[Stored items]
::::::

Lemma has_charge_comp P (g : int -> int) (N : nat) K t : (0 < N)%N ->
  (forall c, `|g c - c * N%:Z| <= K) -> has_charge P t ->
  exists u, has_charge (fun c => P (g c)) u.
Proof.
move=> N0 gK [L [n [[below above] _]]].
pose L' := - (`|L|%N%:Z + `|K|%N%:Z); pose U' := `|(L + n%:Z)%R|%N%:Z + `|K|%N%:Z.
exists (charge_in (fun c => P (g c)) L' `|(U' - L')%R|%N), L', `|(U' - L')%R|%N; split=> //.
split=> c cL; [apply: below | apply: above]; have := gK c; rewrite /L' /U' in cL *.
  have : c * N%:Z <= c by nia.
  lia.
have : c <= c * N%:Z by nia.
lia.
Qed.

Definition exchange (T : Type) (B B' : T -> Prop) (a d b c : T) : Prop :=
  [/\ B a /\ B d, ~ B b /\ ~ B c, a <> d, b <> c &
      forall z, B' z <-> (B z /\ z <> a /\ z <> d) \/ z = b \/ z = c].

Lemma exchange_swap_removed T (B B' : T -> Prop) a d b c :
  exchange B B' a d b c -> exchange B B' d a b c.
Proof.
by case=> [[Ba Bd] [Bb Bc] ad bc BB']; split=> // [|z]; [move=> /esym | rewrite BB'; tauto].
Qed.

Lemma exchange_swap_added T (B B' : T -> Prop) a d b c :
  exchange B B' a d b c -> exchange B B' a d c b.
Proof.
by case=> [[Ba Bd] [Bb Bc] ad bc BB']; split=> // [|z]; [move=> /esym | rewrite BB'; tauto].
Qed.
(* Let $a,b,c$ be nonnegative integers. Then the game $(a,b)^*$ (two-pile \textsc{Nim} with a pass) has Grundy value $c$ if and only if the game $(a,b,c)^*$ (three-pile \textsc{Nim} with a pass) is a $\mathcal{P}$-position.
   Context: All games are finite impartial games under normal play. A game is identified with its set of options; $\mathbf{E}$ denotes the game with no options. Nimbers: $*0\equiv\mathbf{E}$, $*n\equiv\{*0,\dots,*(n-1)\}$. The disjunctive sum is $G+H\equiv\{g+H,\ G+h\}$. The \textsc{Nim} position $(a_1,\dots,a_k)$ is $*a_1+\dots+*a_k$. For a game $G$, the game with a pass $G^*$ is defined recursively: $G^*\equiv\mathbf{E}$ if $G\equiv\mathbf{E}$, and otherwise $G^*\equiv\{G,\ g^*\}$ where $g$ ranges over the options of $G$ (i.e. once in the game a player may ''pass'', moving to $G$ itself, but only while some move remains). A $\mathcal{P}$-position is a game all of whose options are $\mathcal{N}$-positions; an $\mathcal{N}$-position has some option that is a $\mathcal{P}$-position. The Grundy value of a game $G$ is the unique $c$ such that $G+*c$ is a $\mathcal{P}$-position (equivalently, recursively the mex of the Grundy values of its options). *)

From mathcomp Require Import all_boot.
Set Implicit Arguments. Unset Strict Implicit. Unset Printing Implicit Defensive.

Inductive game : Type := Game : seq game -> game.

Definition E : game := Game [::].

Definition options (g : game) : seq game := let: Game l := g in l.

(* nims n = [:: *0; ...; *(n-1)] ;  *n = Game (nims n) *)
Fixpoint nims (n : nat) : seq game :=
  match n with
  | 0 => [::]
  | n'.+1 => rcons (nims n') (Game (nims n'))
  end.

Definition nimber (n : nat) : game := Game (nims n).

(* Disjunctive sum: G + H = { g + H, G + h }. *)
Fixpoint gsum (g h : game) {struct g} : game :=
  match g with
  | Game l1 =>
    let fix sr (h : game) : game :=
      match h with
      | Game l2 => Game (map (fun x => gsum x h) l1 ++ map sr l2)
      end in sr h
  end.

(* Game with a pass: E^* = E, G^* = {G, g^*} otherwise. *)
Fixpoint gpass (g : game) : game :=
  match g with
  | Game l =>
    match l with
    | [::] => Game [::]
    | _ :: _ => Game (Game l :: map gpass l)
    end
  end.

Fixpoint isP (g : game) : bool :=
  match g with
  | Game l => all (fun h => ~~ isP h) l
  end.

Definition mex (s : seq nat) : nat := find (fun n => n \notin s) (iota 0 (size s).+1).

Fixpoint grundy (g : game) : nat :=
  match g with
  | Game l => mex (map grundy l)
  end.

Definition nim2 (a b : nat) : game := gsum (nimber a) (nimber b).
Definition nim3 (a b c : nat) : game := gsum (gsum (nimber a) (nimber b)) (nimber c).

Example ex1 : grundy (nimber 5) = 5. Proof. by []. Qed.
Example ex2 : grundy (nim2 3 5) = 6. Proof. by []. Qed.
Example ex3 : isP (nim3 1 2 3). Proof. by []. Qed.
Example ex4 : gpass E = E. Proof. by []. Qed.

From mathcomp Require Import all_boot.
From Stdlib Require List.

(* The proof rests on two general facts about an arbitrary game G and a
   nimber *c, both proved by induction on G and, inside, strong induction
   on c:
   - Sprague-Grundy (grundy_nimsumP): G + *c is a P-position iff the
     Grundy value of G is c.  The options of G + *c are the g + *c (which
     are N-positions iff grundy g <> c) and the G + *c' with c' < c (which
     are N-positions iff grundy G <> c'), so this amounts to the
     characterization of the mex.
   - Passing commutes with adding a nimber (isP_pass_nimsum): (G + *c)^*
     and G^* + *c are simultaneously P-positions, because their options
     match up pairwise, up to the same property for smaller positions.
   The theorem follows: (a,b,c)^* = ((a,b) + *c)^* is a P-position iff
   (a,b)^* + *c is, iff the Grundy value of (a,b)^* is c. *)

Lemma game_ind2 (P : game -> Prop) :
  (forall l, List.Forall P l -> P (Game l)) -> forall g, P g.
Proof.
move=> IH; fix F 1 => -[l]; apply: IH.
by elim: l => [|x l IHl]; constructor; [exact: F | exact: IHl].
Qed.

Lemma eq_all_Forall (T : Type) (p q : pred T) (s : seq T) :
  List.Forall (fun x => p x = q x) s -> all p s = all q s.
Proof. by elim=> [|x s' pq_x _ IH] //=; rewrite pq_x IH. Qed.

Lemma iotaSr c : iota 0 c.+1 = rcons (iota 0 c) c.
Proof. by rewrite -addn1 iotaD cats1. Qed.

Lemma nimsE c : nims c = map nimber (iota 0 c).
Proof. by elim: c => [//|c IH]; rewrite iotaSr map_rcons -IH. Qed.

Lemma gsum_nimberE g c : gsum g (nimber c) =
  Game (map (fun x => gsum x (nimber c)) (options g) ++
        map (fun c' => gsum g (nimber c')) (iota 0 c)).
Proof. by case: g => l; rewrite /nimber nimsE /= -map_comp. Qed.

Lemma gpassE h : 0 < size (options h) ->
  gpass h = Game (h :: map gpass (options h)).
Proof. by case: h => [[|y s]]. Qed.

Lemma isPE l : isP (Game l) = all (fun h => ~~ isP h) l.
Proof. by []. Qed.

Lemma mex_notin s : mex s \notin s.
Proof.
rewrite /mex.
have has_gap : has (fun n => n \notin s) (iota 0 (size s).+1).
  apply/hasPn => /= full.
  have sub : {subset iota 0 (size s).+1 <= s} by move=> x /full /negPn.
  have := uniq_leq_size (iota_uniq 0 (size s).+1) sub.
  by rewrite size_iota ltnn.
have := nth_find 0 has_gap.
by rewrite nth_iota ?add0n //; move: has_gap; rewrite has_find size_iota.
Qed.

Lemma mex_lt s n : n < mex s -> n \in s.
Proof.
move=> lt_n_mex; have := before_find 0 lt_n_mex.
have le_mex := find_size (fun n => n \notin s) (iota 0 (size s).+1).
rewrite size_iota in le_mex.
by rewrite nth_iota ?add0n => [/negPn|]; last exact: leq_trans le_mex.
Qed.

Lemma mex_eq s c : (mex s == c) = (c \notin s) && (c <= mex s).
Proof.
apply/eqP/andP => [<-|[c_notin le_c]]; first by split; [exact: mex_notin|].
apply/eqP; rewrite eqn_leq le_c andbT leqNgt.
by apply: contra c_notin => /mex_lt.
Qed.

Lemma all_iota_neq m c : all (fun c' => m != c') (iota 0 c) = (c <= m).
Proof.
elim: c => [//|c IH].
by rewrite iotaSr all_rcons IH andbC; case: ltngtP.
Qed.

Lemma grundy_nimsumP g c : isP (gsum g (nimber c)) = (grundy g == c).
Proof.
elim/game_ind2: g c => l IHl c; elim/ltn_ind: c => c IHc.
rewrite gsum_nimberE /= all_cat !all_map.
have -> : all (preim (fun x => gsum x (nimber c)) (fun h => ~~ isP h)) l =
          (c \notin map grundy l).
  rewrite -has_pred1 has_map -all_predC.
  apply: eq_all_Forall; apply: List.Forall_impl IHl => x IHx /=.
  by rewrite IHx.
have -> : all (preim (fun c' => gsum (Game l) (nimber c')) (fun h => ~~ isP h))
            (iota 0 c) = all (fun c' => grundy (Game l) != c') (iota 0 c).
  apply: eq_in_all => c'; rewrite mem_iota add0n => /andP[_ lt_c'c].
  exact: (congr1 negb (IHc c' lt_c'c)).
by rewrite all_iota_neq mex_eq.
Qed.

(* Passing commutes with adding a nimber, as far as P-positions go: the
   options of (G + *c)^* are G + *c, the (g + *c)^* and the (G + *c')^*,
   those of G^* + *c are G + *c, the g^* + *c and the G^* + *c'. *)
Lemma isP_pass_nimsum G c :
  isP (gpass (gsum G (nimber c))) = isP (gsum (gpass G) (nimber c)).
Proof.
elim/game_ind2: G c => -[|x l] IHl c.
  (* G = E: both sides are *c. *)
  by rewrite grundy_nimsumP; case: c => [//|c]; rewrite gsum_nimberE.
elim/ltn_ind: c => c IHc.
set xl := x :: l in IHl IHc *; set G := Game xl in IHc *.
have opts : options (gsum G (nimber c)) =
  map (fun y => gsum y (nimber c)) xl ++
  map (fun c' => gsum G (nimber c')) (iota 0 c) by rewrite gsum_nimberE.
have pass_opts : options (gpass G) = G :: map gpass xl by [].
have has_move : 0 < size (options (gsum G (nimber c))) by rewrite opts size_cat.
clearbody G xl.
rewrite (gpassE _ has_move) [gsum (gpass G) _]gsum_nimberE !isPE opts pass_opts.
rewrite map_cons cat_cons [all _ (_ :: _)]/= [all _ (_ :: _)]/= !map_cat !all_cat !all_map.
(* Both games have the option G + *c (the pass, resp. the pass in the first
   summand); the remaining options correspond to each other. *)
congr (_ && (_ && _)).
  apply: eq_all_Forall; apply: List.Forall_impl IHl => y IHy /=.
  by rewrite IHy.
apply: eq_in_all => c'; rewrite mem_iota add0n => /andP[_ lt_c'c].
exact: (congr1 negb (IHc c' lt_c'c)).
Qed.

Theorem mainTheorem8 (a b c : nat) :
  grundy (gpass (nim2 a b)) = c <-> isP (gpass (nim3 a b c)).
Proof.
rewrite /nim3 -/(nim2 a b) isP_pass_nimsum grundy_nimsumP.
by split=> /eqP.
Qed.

::::::

[Task]
All lines above from the one containing "match l with" to the one containing "Definition nim2 (a" must be repeated exactly, both lines included, and no others.

[Final answer]
    match l with
    | [::] => Game [::]
    | _ :: _ => Game (Game l :: map gpass l)
    end
  end.

Fixpoint isP (g : game) : bool :=
  match g with
  | Game l => all (fun h => ~~ isP h) l
  end.

Definition mex (s : seq nat) : nat := find (fun n => n \notin s) (iota 0 (size s).+1).

Fixpoint grundy (g : game) : nat :=
  match g with
  | Game l => mex (map grundy l)
  end.

Definition nim2 (a b : nat) : game := gsum (nimber a) (nimber b).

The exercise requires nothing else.